Yi Li, professor of plant science in the College of Agriculture, Health, and Natural Resources is working on a new $500,000 Biotechnology Risk Assessment Research Grant (BRAG) from the USDA/NIFA to study a genetic editing technique in tomato plants.

Genetically engineered organisms are becoming increasingly popular given their potential applications to improve the food supply. Gene editing allows scientists to manipulate an organism’s DNA, leading to produce that stays fresher longer, resists pests and viruses, or has higher nutritional content.

One common method of gene editing is manipulating DNA methylation. DNA methylation is the process by which methyl groups are added to a DNA molecule. This changes the activity of that DNA segment without changing the DNA itself. Methylation can suppress or promote the expression of certain genes and the proteins they code for.

Unstudied side effects
This promising gene-editing technique could improve crops on a large scale. However, the potential unintended side effects of this process are not well-studied, hindering its potential agricultural applications.

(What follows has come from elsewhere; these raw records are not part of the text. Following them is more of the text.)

Lemma rhoF_d_ae (G X : Type) (act : G -> X -> X) (d : X -> X -> R) (s : seq G) :
  (forall x y, 0 <= d x y) -> forall x y,
  rhoF act (d_ae d alpha eps) s x y = phi (rhoF act d s x y).
Proof. by move=> d0 x y; rewrite /rhoF -bigmax_dae_profile. Qed.

End dae_profile.

Section diameter.
Context {R : realType} {X : Type} (r : X -> X -> R).
Local Open Scope ereal_scope.

Lemma diam_ge0 E : 0 <= diam r E.
Proof. by apply: ereal_sup_ubound; right. Qed.

Lemma diam_ub {E x y} : E x -> E y -> (r x y)%:E <= diam r E.
Proof. by move=> Ex Ey; apply: ereal_sup_ubound; left; exists x => //; exists y. Qed.

Lemma diam_le E (M : R) : (0 <= M)%R ->
  (forall x y, E x -> E y -> (r x y <= M)%R) -> diam r E <= M%:E.
Proof.
move=> M0 rM; apply: ge_ereal_sup => _ [[x Ex [y Ey <-]]|->].
  by rewrite lee_fin rM.
by rewrite lee_fin.
Qed.

Lemma diam_lt_fin E (z : R) : diam r E < z%:E ->
  [/\ diam r E = (fine (diam r E))%:E, (0 <= fine (diam r E))%R &
      (fine (diam r E) < z)%R].
Proof.
move=> Ez; have E0 := diam_ge0 E.
have Efin : diam r E \is a fin_num by rewrite ge0_fin_numE // (lt_trans Ez) ?ltey.
by rewrite fine_ge0 // -lte_fin fineK.
Qed.

Lemma Hmeas_le s (a b : R) : (a <= b)%R -> Hmeas r s b <= Hmeas r s a.
Proof.
move=> ab; apply: ereal_inf_le_tmp => _ [J [E [cov Esmall ->]]].
exists J, E; split => // i Ji.
by apply: lt_le_trans (Esmall i Ji) _; rewrite lee_fin.
Qed.

Lemma dimH_le (a b : R) : (a <= b)%R -> dimH r b <= dimH r a.
Proof.
move=> ab; apply: ereal_sup_le => _ [s [s0 Hs] <-]; exists s => //; split => //.
by apply: le_trans Hs _; apply: Hmeas_le.
Qed.

End diameter.

Arguments diam_lt_fin {R X r E z}.

(* [ln delta / ln eta] for [eta = eps^(1-alpha) * delta^alpha] *)
Definition log_scale_ratio {R : realType} (alpha eps delta : R) : R :=
  ln delta / (alpha * ln delta + ln (eps `^ (1 - alpha))).

Section log_scale_ratio.
Context {R : realType} {alpha eps : R}.
Hypotheses (alpha_gt0 : 0 < alpha) (alpha_lt1 : alpha < 1).
Hypotheses (eps_gt0 : 0 < eps) (eps_lt1 : eps < 1).
Local Notation c := (eps `^ (1 - alpha)).
Local Notation r := (log_scale_ratio alpha eps).

Lemma powR_eps_le1 : c <= 1.
Proof. by rewrite powR_le1 ?eps_gt0 ?(ltW eps_lt1) // subr_ge0 ltW. Qed.

Lemma ln_powR_eps_le0 : ln c <= 0.
Proof. by rewrite ln_le0 // powR_eps_le1. Qed.

Lemma ln_lt0_scale {delta : R} : 0 < delta -> delta <= eps -> ln delta < 0.
Proof. by move=> d0 de; rewrite ln_lt0 // d0 (le_lt_trans de eps_lt1). Qed.

Lemma log_scale_denom_lt0 {delta : R} : 0 < delta -> delta <= eps ->
  alpha * ln delta + ln c < 0.
Proof.
move=> d0 de; rewrite -(addr0 0) ltr_leD ?ln_powR_eps_le0 //.
by rewrite pmulr_rlt0 // ln_lt0_scale.
Qed.

Lemma log_scale_ratio_gt0 {delta} : 0 < delta -> delta <= eps -> 0 < r delta.
Proof.
move=> d0 de; rewrite /log_scale_ratio -mulrNN -invrN divr_gt0 // oppr_gt0.
  exact: ln_lt0_scale.
exact: log_scale_denom_lt0.
Qed.

Lemma invr_log_scale_ratio {delta} : 0 < delta -> delta <= eps ->
  (r delta)^-1 = alpha + ln c / ln delta.
Proof.
move=> d0 de; have := ln_lt0_scale d0 de; have := log_scale_denom_lt0 d0 de.
by rewrite /log_scale_ratio invf_div => /lt_eqF q0 /lt_eqF l0; field; rewrite l0.
Qed.

Lemma alpha_le_invr_log_scale_ratio {delta} : 0 < delta -> delta <= eps ->
  alpha <= (r delta)^-1.
Proof.
move=> d0 de; rewrite invr_log_scale_ratio // lerDl -mulrNN -invrN divr_ge0 //.
  by rewrite oppr_ge0 ln_powR_eps_le0.
by rewrite oppr_ge0 ltW // ln_lt0_scale.
Qed.

Lemma invr_log_scale_ratio_small {delta k : R} : 0 < delta -> 0 < k ->
  exists2 d, 0 < d <= Order.min delta eps & (r d)^-1 <= alpha + k.
Proof.
move=> d0 k0; set d := Order.min (Order.min delta eps) (expR (ln c / k)).
have dpos : 0 < d by rewrite !lt_min d0 eps_gt0 expR_gt0.
have de : d <= eps by rewrite !ge_min lexx orbT.
exists d; first by rewrite dpos ge_min lexx.
have ld := ln_lt0_scale dpos de.
rewrite invr_log_scale_ratio // lerD2l ler_ndivrMr // mulrC -ler_pdivlMr //.
by rewrite -[leRHS]expRK ler_ln ?posrE ?expR_gt0 // ge_min lexx orbT.
Qed.

End log_scale_ratio.

Section scale_comparison.
Variables (R : realType) (X : Type) (rho rho' : X -> X -> R)
  (alpha eps delta : R).
Hypothesis rho_ge0 : forall x y, 0 <= rho x y.
Hypothesis rho'E : forall x y, rho' x y = dae_profile alpha eps (rho x y).
Hypotheses (alpha_gt0 : 0 < alpha) (alpha_lt1 : alpha < 1).
Hypotheses (eps_gt0 : 0 < eps) (eps_lt1 : eps < 1).
Hypotheses (delta_gt0 : 0 < delta) (delta_le_eps : delta <= eps).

Li will specifically look at CRISPR/dCas-mediated DNA methylation in tomatoes. Research on this technique has shown there are some off-target effects, or methylation changes to parts of the genome scientists were not intentionally changing, but no one has yet characterized what these effects are, creating a significant knowledge gap Li is now looking to fill.

Li will compare this methylation technique to genetic transformation, another gene-editing technique. Genetic transformation differs from DNA methylation because it involves introducing foreign DNA into the plant’s genome, rather than working on changing the expression of its own. Li will compare these two gene-editing techniques to more conventional growing techniques without gene editing.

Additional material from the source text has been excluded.